Unnamed: 0,lat,lon,alt
count,10000.0,10000.0,10000.0
mean,9.72013,57.077939,22.259654
std,0.630799,0.288816,18.595995
min,8.146664,56.584513,-1.724164
25%,9.327763,56.841226,7.122218
50%,9.883242,57.039543,17.600544
75%,10.158706,57.296597,32.041836
max,11.196113,57.744022,129.286451


In [3]:
#Normalize the data
XX = X.copy()
XX['alt'] = (X.alt - X.alt.mean())/X.alt.std()
XX['lat'] = (X.lat - X.lat.mean())/X.lat.std()
XX['lon'] = (X.lon - X.lon.mean())/X.lon.std()
XX.describe()

Unnamed: 0,lat,lon,alt
count,10000.0,10000.0,10000.0
mean,1.278977e-17,2.366107e-16,-1.818989e-16
std,1.0,1.0,1.0
min,-2.494402,-1.708442,-1.28973
25%,-0.6220163,-0.8195985,-0.8140159
50%,0.2585797,-0.1329426,-0.2505437
75%,0.6952713,0.757081,0.526037
max,2.339863,2.30625,5.755368


In [4]:
#generate arrays for minimum samples and epsilons
min_samples = np.arange(1, 11)
epsilons = np.arange(0.05, 0.51, 0.01)

In [5]:
#generate scores using 'for' loop

all_scores = []
for min_sample in min_samples:
    
    scores = []
    for epsilon in epsilons:
        
        # define DBSCAN
        dbscan = DBSCAN(eps=epsilon, min_samples=min_sample)
        XX.cluster = dbscan.fit_predict(XX[['lat','lon', 'alt']])
        
        # calculate silouette score
        score = metrics.silhouette_score(XX[['lon', 'lat', 'alt']], XX.cluster)
        
        scores.append(score)
        
    all_scores.append(scores)

  XX.cluster = dbscan.fit_predict(XX[['lat','lon', 'alt']])


In [6]:
# Plot lines (x axis = epsilon, y axis = Silhouette Coefficient')
plt.figure()

# Draw multiple lines
for i in all_scores:
    plt.plot(epsilons, i)

# Labeling
plt.xlabel('Epsilon')
plt.ylabel('Silhouette Coefficient')
plt.legend(['min_sample=1', 'min_sample=2','min_sample=3', 'min_sample=4', 
           'min_sample=5', 'min_sample=6', 'min_sample=7', 'min_sample=8', 'min_sample=9', 'min_sample=10'])
plt.grid(True)
plt.show()

<IPython.core.display.Javascript object>

## Findings
1. In every case of minimum sample except minimum sample = 1, Silhouette Coefficients were the lowest between 0.1 and 0.2,
   and the highest in between 0.4 and 0.5.
1. in low epsilons (e < 0.1), low mininum samples were associated with high Silhouette Coefficient
2. in epsilons over 0.1, high minimum samples were associated with high Silhouette Coefficient

## 2. Clustering your own data
Using your own data, find relevant clusters/groups within your data (repeat the above). If your data is labeled with a class that you are attempting to predict, be sure to not use it in training and clustering. 

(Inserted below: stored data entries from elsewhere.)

Definition star_proxy (u : T) : Prop := forall z, e v z -> e v' z -> e u z.

Lemma star_proxy_l : star_proxy v. Proof. by move=> z. Qed.

Lemma star_proxy_r : star_proxy v'. Proof. by move=> z. Qed.

Lemma star_adj_proxy u : star_proxy u -> {homo odflt u : a b / star a b >-> e a b}.
Proof.
move=> Hu a b; case: a b => [x|] [y|] //= /andP [vx v'x]; last exact: Hu.
by rewrite e_sym; apply: Hu.
Qed.

Lemma star_proxy_shortest u f L m :
  star_proxy u -> induced_path e (odflt u \o f) L -> walk_in star setT (f 0) (f L) m -> L <= m.
Proof. by move=> Hu Hf /(walk_in_hom (star_adj_proxy Hu)); exact: e_shortest Hf. Qed.

Lemma star_path_project u f L :
  star_proxy u -> induced_path star f L ->
  (forall i k x, i <= L -> k <= L -> f i = None -> f k = Some x ->
     x <> u /\ (e u x -> i.+1 = k \/ k.+1 = i)) ->
  induced_path e (odflt u \o f) L.
Proof.
move=> Hu [Hw Hi Ha] Hnew; split => [i iL | i k iL kL | i k iL kL] /=.
- exact: star_adj_proxy (Hw i iL).
- case Ei: (f i) => [x|]; case Ek: (f k) => [y|] /= Exy.
  + by apply: Hi; rewrite // Ei Ek Exy.
  + by case: (Hnew k i x kL iL Ek Ei) => /(_ Exy).
  + by case: (Hnew i k y iL kL Ei Ek) => /(_ (esym Exy)).
  + by apply: Hi; rewrite // Ei Ek.
- case Ei: (f i) => [x|]; case Ek: (f k) => [y|] /= Exy.
  + by apply: Ha; rewrite // Ei Ek.
  + by rewrite e_sym in Exy; case: (Hnew k i x kL iL Ek Ei) => _ /(_ Exy) []; auto.
  + exact: (Hnew i k y iL kL Ei Ek).2.
  + by rewrite e_irr in Exy.
Qed.

Lemma star_path_Some f L i j :
  induced_path star f L -> f j = None -> i <= L -> j <= L -> i <> j -> exists x, f i = Some x.
Proof.
move=> [_ Hi _] fj iL jL ij; case Ei: (f i) => [x|]; first by exists x.
by case: ij; apply: Hi; rewrite // Ei fj.
Qed.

You may use the labels to compare with predictions to show how well the clustering performed using one of the clustering metrics (http://scikit-learn.org/stable/modules/clustering.html#clustering-performance-evaluation). 

If you don't have labels, use the silhouette coefficient to show performance. Find the optimal fit for your data but you don't need to be as exhaustive as above.

Additionally, show the clusters in 2D or 3D plots. 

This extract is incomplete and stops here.